# ATITool 0.26 not working with X1600 mobility?



## Humbo (Jan 17, 2007)

The default clock on my ATI X1600 mobility is detected to 89/89 Mhz, and it's impossible to adjust the clock frequencies. Will future versions of ATITool support these cards? I had to revert to 0.25 beta14 to get it to work again. Is it possible to use 0.26 with older versions of the ATITool driver?


----------



## tkpenalty (Jan 28, 2007)

If you adjust it to the normal X1600 speeds you'll fry the rest of the laptop and it will get extremely hot and crash, they removed it because of that reason.


----------



## Jehu.17 (Feb 3, 2007)

*Support for Radeon Mobility x1600*

I also have mobile x1600 on my MacBook Pro. The only version of AtiTool working on this laptop is 0.25 beta 14. All later versions show unrealistically low frequencies, and when I try to change anything at all it sends my MBP to "happy" BSOD  .

Well, as for the last reply - I don't think this is the case. I mean I overclocked my x1600 up to 522Mhz/526.5Mhz(core/mem) from 300/300  (MBP's are underclocked to make it quite).

 I would very much appreciate if Wizzard could add support for mobile x1600 with temp and voltage reads and if possible even voltage mods, because 0.25b14 can only change GPU/mem clocks. For this kind of piece of soft I'm ready to donate $$, and I reckon many other laptop owners would do the same. I can send any information necessary, pics, BIOS dump and etc. BTW, MacBook Pro's can work only with Catalyst 6.7 to 6.10 (works but overclocking is worse than 6.7).


----------



## Wile E (Feb 3, 2007)

Jehu.17 said:


> I also have mobile x1600 on my MacBook Pro. The only version of AtiTool working on this laptop is 0.25 beta 14. All later versions show unrealistically low frequencies, and when I try to change anything at all it sends my MBP to "happy" BSOD  .
> 
> Well, as for the last reply - I don't think this is the case. I mean I overclocked my x1600 up to 522Mhz/526.5Mhz(core/mem) from 300/300  (MBP's are underclocked to make it quite).
> 
> I would very much appreciate if Wizzard could add support for mobile x1600 with temp and voltage reads and if possible even voltage mods, because 0.25b14 can only change GPU/mem clocks. For this kind of piece of soft I'm ready to donate $$, and I reckon many other laptop owners would do the same. I can send any information necessary, pics, BIOS dump and etc. BTW, MacBook Pro's can work only with Catalyst 6.7 to 6.10 (works but overclocking is worse than 6.7).
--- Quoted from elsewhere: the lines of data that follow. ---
Theorem corollary1 (R : realType) :
  exists C1 : R, 0 < C1 /\
  forall (d : nat) (X : set 'rV[R]_d),
    (exists x, X x) -> convex_set X -> compact_set X ->
  exists C2 : R, 0 < C2 /\
  forall (m : nat) (E : rel 'I_m) (f : 'I_m -> 'rV[R]_d -> R)
         (gf : 'I_m -> 'rV[R]_d -> 'rV[R]_d) (l : R)
         (lo : 'rV[R]_d -> 'rV[R]_d) (x0 y0 xstar : 'M[R]_(m, d)),
    (1 < m)%N ->
    connected_graph E ->
    (forall i, strcvx_smooth 0 l (f i) (gf i)) ->
    linear_oracle X lo ->
    inXm X x0 ->
    optimal_sol X (laplacian R E) f xstar ->
    let nL := specnorm (laplacian R E) in
    let D := Num.max (sqnorm (x0 - xstar)) (sqnorm y0) in
    0 < D ->
  exists eps0 : R, 0 < eps0 /\
  forall eps : R, 0 < eps <= eps0 ->
  exists N : nat, (1 <= N)%N /\
    (2 * N)%:R <= C1 * (nL * D / eps) /\
    forall (zinit : nat -> 'I_m -> 'rV[R]_d) (gam : step_rule R m d),
      (forall k i, X (zinit k i)) ->
      admissible_step f gam ->
      let runP := dcgs_run (laplacian R E) gf lo gam zinit
                    (fun _ => 1) (fun _ => nL) (fun _ => 2 * nL)
                    (fun _ _ => nL * D / (m%:R * N%:R)) N x0 y0 in
      (exists xs ys T, runP xs ys T) /\
      forall xs ys T, runP xs ys T ->
        (forall i, (lo_calls T N i)%:R
                   <= C2 * (m%:R * nL * (l + nL) * D / eps ^+ 2)) /\
        Fobj f (dcgs_output (fun _ => 1) N xs) - Fobj f xstar <= eps.
Proof.
exists 7; split => // d X _ X_convex /compact_sqnorm_bounded [Dl [Dl_ge0 X_sqdiam]].
exists (392 * Dl + 7); split; first lra.
move=> m E f gf l lo x0 y0 xstar m_gt1 E_graph f_cvx_smooth lo_X _ [xstar_X [L_xstar _]].
move=> nL D D_gt0; have nL_ge1 : 1 <= nL := specnorm_laplacian_ge1 R m_gt1 E_graph.
have L_sym := laplacian_sym R E_graph.2.1.
have d_gt0 : (0 < d)%N by move: D_gt0; rewrite lt_max => /orP [] /sqnorm_gt0_width.
have l_ge0 : 0 <= l := strcvx_smooth_le d_gt0 (f_cvx_smooth (Ordinal (ltnW m_gt1))).
exists (Num.min (nL * D) nL); split; first by rewrite lt_min mulr_gt0 //; lra.
move=> eps /andP [eps_gt0]; rewrite le_min => /andP [eps_le_nLD eps_le_nL].
have K_ge1 : 1 <= nL * D / eps by rewrite ler_pdivlMr // mul1r.
have /exists_nat_gt_le [N [N_gt0 N_gt N_le]] : 0 <= 5 / 2 * (nL * D / eps) by lra.
exists N; split => //; split; first by rewrite natrM; lra.
move=> zinit gam zinit_X gam_admissible runP.
have e_gt0 : 0 < nL * D / (m%:R * N%:R).
  by rewrite divr_gt0 ?mulr_gt0 ?ltr0n ?(ltnW m_gt1) // (lt_le_trans ltr01 nL_ge1).
have [nL_gt0 l_2nL_ge0] : 0 < nL /\ 0 <= l + 2 * nL by split; lra.
split.
  apply: dcgs_run_exists => k i x w.
  exact: (dcgs_cg_terminates f_cvx_smooth lo_X nL_gt0 X_convex gam_admissible zinit_X
    e_gt0 X_sqdiam l_2nL_ge0).
move=> xs ys T run; split => [i|].
  apply: le_trans (dcgs_lo_calls_le f_cvx_smooth lo_X nL_gt0 X_convex gam_admissible
    zinit_X e_gt0 X_sqdiam l_2nL_ge0 i run) _.
  by apply: lo_budget_le; rewrite ?ler1n ?ltr0n ?(ltnW m_gt1) // -/nL; lra.
have N_gt0R : (0 : R) < N%:R by rewrite ltr0n.
have := dcgs_objective_le f_cvx_smooth lo_X L_sym nL_gt0 run N_gt0 xstar_X L_xstar.
have -> : N%:R * (m%:R * (nL * D / (m%:R * N%:R))) = nL * D.
  by field; rewrite !pnatr_eq0 -!lt0n N_gt0 (ltnW m_gt1).
have : 5 / 2 * (nL * D) < N%:R * eps by move: N_gt; rewrite mulrA ltr_pdivrMr.
rewrite -/nL -/D => N_eps_gt objective_le; rewrite -(ler_pM2l N_gt0R); lra.
Qed.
You can install the Omega 7.1 drivers on a mac. I have them running on my Core2Duo 20" iMac. Installed with ATI Traytools, they also allow you to overclock. Took the Mobility X1600 in my iMac up 100MHz in both gpu and ram, rock stable.


----------



## Jehu.17 (Feb 4, 2007)

OK, 
thanks for a hint, I'll post the results of testing those drivers in here.


----------



## theonetruewill (Feb 7, 2007)

Do the Omega drivers work on laptops too??? don't they negate things like the powerplay functions, or not even work cos they're a different sort of driver. Only for desktop card I mean


----------



## Jehu.17 (Feb 7, 2007)

theonetruewill said:


> Do the Omega drivers work on laptops too??? don't they negate things like the powerplay functions, or not even work cos they're a different sort of driver. Only for desktop card I mean



You're absolutely right. I had to find that out myself...it was REALLY bad idea. 3DMark06 crashed to desktop, BSOD on Battlefield2, but the worst thing is that I had program enabling access to Mac Drive (Mac Drive 6) from Windows and it's destroyed my mac partition on the drive with most important data. In the end I managed to recover i with DiskWarrior 4 and Disk Utility. So, as I said before only Catalyst 6.7 works on MacBook Pro.
Cheers,
Ayrat.


----------



## theonetruewill (Feb 7, 2007)

Jehu.17 said:


> You're absolutely right. I had to find that out myself...it was REALLY bad idea. 3DMark06 crashed to desktop, BSOD on Battlefield2, but the worst thing is that I had program enabling access to Mac Drive (Mac Drive 6) from Windows and it's destroyed my mac partition on the drive with most important data. In the end I managed to recover i with DiskWarrior 4 and Disk Utility. So, as I said before only Catalyst 6.7 works on MacBook Pro.
> Cheers,
> Ayrat.



I got the OMEGA's to work on mine, but they seem to make zero difference in performance, if anything worse in bf2142


----------



## Wile E (Feb 8, 2007)

theonetruewill said:


> I got the OMEGA's to work on mine, but they seem to make zero difference in performance, if anything worse in bf2142


Really? They made a HUGE difference on my iMac with the Mobility X1600.


----------